Episode Transcript
[00:00:15] Speaker A: Bem-vindo ao Base por Base, o podcast que leva descobertas genômicas aonde você estiver. Já parou pra pensar, assim, o que acontece quando algumas células do nosso sangue meio que acham um jeito de enganar o envelhecimento, sabe? Ganham uma vantagem, começam a se multiplicar mais?
[00:00:31] Speaker B: É uma ideia intrigante, né?
[00:00:33] Speaker A: Pois é. Mas e se essa força toda, na verdade, escondeu uma fraqueza? Uma fragilidade que ninguém esperava?
[00:00:41] Speaker B: Exato.
[00:00:42] Speaker A: Hoje a gente vai fundo nisso. Como mutações bem discretas podem dar esse gás competitivo para as células-tronco do sangue, um processo que a gente sabe que está ligado a doenças do envelhecimento, mas como isso funciona de verdade? E mais importante, será que dá para reverter?
[00:00:59] Speaker B: Olha, pra começar, é fundamental reconhecer o trabalho da equipe liderada por Jennifer J. Trowbridge e, claro, seus colaboradores de várias instituições de peso, como o The Jackson Laboratory, o Princess Margaret Cancer Center, Albert Einstein College of Medicine. Foi um esforço conjunto bem importante.
[00:01:18] Speaker A: Com certeza.
[00:01:19] Speaker B: O estudo deles deu uma luz fundamental sobre como essas mutações específicas, sabe, mexem com as nossas células-tronco hematopoéticas, as que formam o sangue, principalmente conforme a gente envelhece.

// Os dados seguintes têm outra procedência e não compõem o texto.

(* In the setting below with $P=\mathfrak S$ and the absolute error criterion: (i) if $\{S_d\}$ is polynomially tractable and $\lambda_1\ge1$, then $b_d\in O(\ln d)$; (ii) if $\{S_d\}$ is strongly polynomially tractable and $\lambda_1\ge1$, then $b_d\in O(1)$ and $\lambda_2<1/\lambda_1$.
   Context: Setting: $S_1:H_1\to G_1$ is a compact linear operator between real Hilbert spaces ($H_1$ infinite-dimensional separable); $\lambda=(\lambda_m)_{m\in\mathbb N}$, $\lambda_1\ge\lambda_2\ge\dots\ge0$, are the eigenvalues of $S_1^\dagger S_1$. $S_d=S_1^{\otimes d}:H_1^{\otimes d}\to G_1^{\otimes d}$. For each $d$ fix $\emptyset\ne I_d=\{i_1<\dots<i_{a_d}\}\subset\{1,\dots,d\}$ ($I_1=\{1\}$), put $a_d=\#I_d$, $b_d=d-a_d$, and fix one type $P\in\{\mathfrak S,\mathfrak A\}$ for all $d$; the problem $\{S_d\}$ is the family of restrictions of $S_d$ to the $I_d$-symmetric subspace (if $P=\mathfrak S$) or $I_d$-antisymmetric subspace (if $P=\mathfrak A$) of $H_1^{\otimes d}$, i.e. the range of $\frac1{a_d!}\sum_{\pi}(\pm1)U_\pi$, the sum over permutations $\pi$ of $\{1,\dots,d\}$ fixing all points outside $I_d$, $U_\pi(f_1\otimes\cdots\otimes f_d)=f_{\pi(1)}\otimes\cdots\otimes f_{\pi(d)}$, sign $(-1)^{|\pi|}$ used for $\mathfrak A$. Let $\nabla_d=\{k\in\mathbb N^d:k_{i_1}\le\dots\le k_{i_{a_d}}\}$ for $P=\mathfrak S$ and with strict inequalities for $P=\mathfrak A$; $\lambda_{d,k}=\prod_{l=1}^d\lambda_{k_l}$; $\psi:\mathbb N\to\nabla_d$ a bijection with $\lambda_{d,\psi(1)}\ge\lambda_{d,\psi(2)}\ge\cdots$. These are exactly the eigenvalues of $S_d^\dagger S_d$ on the subspace, and the information complexity (absolute error) is $n(\epsilon,d)=\#\{k\in\nabla_d:\lambda_{d,k}>\epsilon^2\}$, the initial error $\epsilon^{\rm init}_d=\sqrt{\lambda_{d,\psi(1)}}$ (equal to $\lambda_1^{d/2}$ if $P=\mathfrak S$, and $\sqrt{\lambda_1^{b_d}\lambda_1\lambda_2\cdots\lambda_{a_d}}$ if $P=\mathfrak A$). Polynomially tractable: $\exists C,p>0,q\ge0$ with $n(\epsilon,d)\le C\epsilon^{-p}d^q$ for all $d\in\mathbb N,\epsilon\in(0,1]$; strongly polynomially tractable: this with $q=0$. Standing assumptions: $\lambda_2>0$ and $\epsilon_d^{\rm init}>0$ for all $d$. $\ell_\tau$: sequences with $\|\lambda\|_{\ell_\tau}^\tau=\sum_m\lambda_m^\tau<\infty$. *)

From Stdlib Require Import Reals Lra Lia List.
Open Scope R_scope.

[00:01:31] Speaker A: Certo. Então, para todo mundo ficar na mesma página, com o tempo pode surgir um fenômeno chamado hematopoiese clonal. É isso, né?
[00:01:40] Speaker B: Isso. Basicamente é quando um clone, um grupo de células-tronco e progenitoras hematopoéticas, que são as células mestras do sangue, começa a dominar o pedaço.

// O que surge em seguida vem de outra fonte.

(* Let $m\ge1$ and let $V\subset(\mathbb C^N)^{\otimes m}$ be the subspace of traceless tensors. Let $(\mathbb C^N)^{\otimes(m+1)}$ be acted on by $\mathrm{End}(\mathbb C^N)\otimes U(\mathfrak{gl}_N)$, where $\mathrm{End}(\mathbb C^N)$ acts on the first tensor factor and $U(\mathfrak{gl}_N)$ acts on the last $m$ factors via $E_{ij}\mapsto\sum_{p=1}^m 1^{\otimes(p-1)}\otimes E_{ij}\otimes1^{\otimes(m-p)}$. Then the action of the element $$\frac{\tilde E(\eta-u)\,E(\eta+u)}{u-\eta}\in\mathrm{End}(\mathbb C^N)\otimes U(\mathfrak{gl}_N)(u)$$ on $(\mathbb C^N)^{\otimes(m+1)}$ preserves the subspace $\mathbb C^N\otimes V$, and on this subspace it coincides with the action of $F(u)\in\mathrm{End}(\mathbb C^N)\otimes U(\mathfrak g)[u]$ (with $U(\mathfrak g)\subset U(\mathfrak{gl}_N)$ acting by restriction).
   Context: $M=\lfloor N/2\rfloor$. Index set $I=\{-M,\dots,-1,1,\dots,M\}$ if $N=2M$, $I=\{-M,\dots,-1,0,1,\dots,M\}$ if $N=2M+1$; $e_i$ ($i\in I$) basis of $\mathbb C^N$, $E_{ij}$ matrix units. $G=O_N$ is the subgroup of $GL_N$ preserving the symmetric form $\langle e_i,e_j\rangle=\delta_{i,-j}$, or $G=Sp_N$ ($N$ even) preserving the alternating form $\langle e_i,e_j\rangle=\delta_{i,-j}\operatorname{sgn}i$; $\mathfrak g\subset\mathfrak{gl}_N$ its Lie algebra. $\varepsilon_{ij}=\operatorname{sgn}i\operatorname{sgn}j$ for $Sp_N$, $1$ for $O_N$; $F_{ij}=E_{ij}-\varepsilon_{ij}E_{-j,-i}$; $\eta=\frac12$ if $\mathfrak g=\mathfrak{so}_N$, $\eta=-\frac12$ if $\mathfrak g=\mathfrak{sp}_N$. $E(u)=-u+\sum_{i,j}E_{ij}\otimes E_{ji}$, $\tilde E(u)=-u+\sum_{i,j}\varepsilon_{ij}E_{ij}\otimes E_{-i,-j}$ (in $\mathrm{End}(\mathbb C^N)\otimes U(\mathfrak{gl}_N)[u]$), $F(u)=-u-\eta+\sum_{i,j}E_{ij}\otimes F_{ji}$. A tensor $t\in(\mathbb C^N)^{\otimes m}$ is traceless if for every pair of distinct positions $p\ne q$, applying the form $\langle\,,\rangle$ to the $p$-th and $q$-th tensor factors of $t$ gives $0\in(\mathbb C^N)^{\otimes(m-2)}$. *)

From HB Require Import structures.
From mathcomp Require Import all_boot all_order all_algebra all_field.
Set Implicit Arguments. Unset Strict Implicit. Unset Printing Implicit Defensive.
Import Order.TTheory GRing.Theory Num.Theory.
Local Open Scope ring_scope.

(* Index set I.  We use 'I_N = {0..N-1} with the order-preserving labelling
   lab : 'I_N -> int onto I = {-M..-1,(0),1..M}, M = N./2 (0 only if N odd). *)
Definition lab (N : nat) (i : 'I_N) : int :=
  if odd N then (i%:Z - (N./2)%:Z)
  else if (i < N./2)%N then i%:Z - (N./2)%:Z else i%:Z - (N./2)%:Z + 1.

(* the index -i; rev_ord satisfies lab (neg i) = - lab i *)
Definition neg (N : nat) (i : 'I_N) : 'I_N := rev_ord i.

(* G = O_N (Orth) or Sp_N (Symp, N even) *)
Inductive grp := Orth | Symp.

Definition sgnI (N : nat) (i : 'I_N) : algC := (Num.sg (lab i))%:~R.

Definition eps (g : grp) (N : nat) (i j : 'I_N) : algC :=
  if g is Symp then sgnI i * sgnI j else 1.

Definition eta (g : grp) : algC := if g is Orth then 2^-1 else - 2^-1.

Definition form (g : grp) (N : nat) (i j : 'I_N) : algC :=
  if lab i == - lab j then (if g is Symp then sgnI i else 1) else 0.

(* basis words of length m; (C^N)^{(x) m} as coordinate functions on words *)
Notation word N m := ({ffun 'I_m -> 'I_N}).
Notation T0 N m := ({ffun word N m -> algC}).
(* C^N (x) (C^N)^{(x) m} = (C^N)^{(x)(m+1)}, first factor separated *)
Notation T1 N m := ({ffun 'I_N * word N m -> algC}).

[00:01:50] Speaker A: E por quê?
[00:01:51] Speaker B: Por causa de mutações que elas vão acumulando. E as mais comuns, de longe, são num gene chamado DNMT3A.
[00:01:58] Speaker A: DNM3A, ok. E o que ele faz?
[00:02:02] Speaker B: Esse gene, o DNM3A, ele produz uma enzima-chave. Ela coloca umas marquinhas químicas no DNA, um processo chamado mitilação. Isso ajuda a controlar se os genes ficam ligados ou desligados, tipo um interruptor.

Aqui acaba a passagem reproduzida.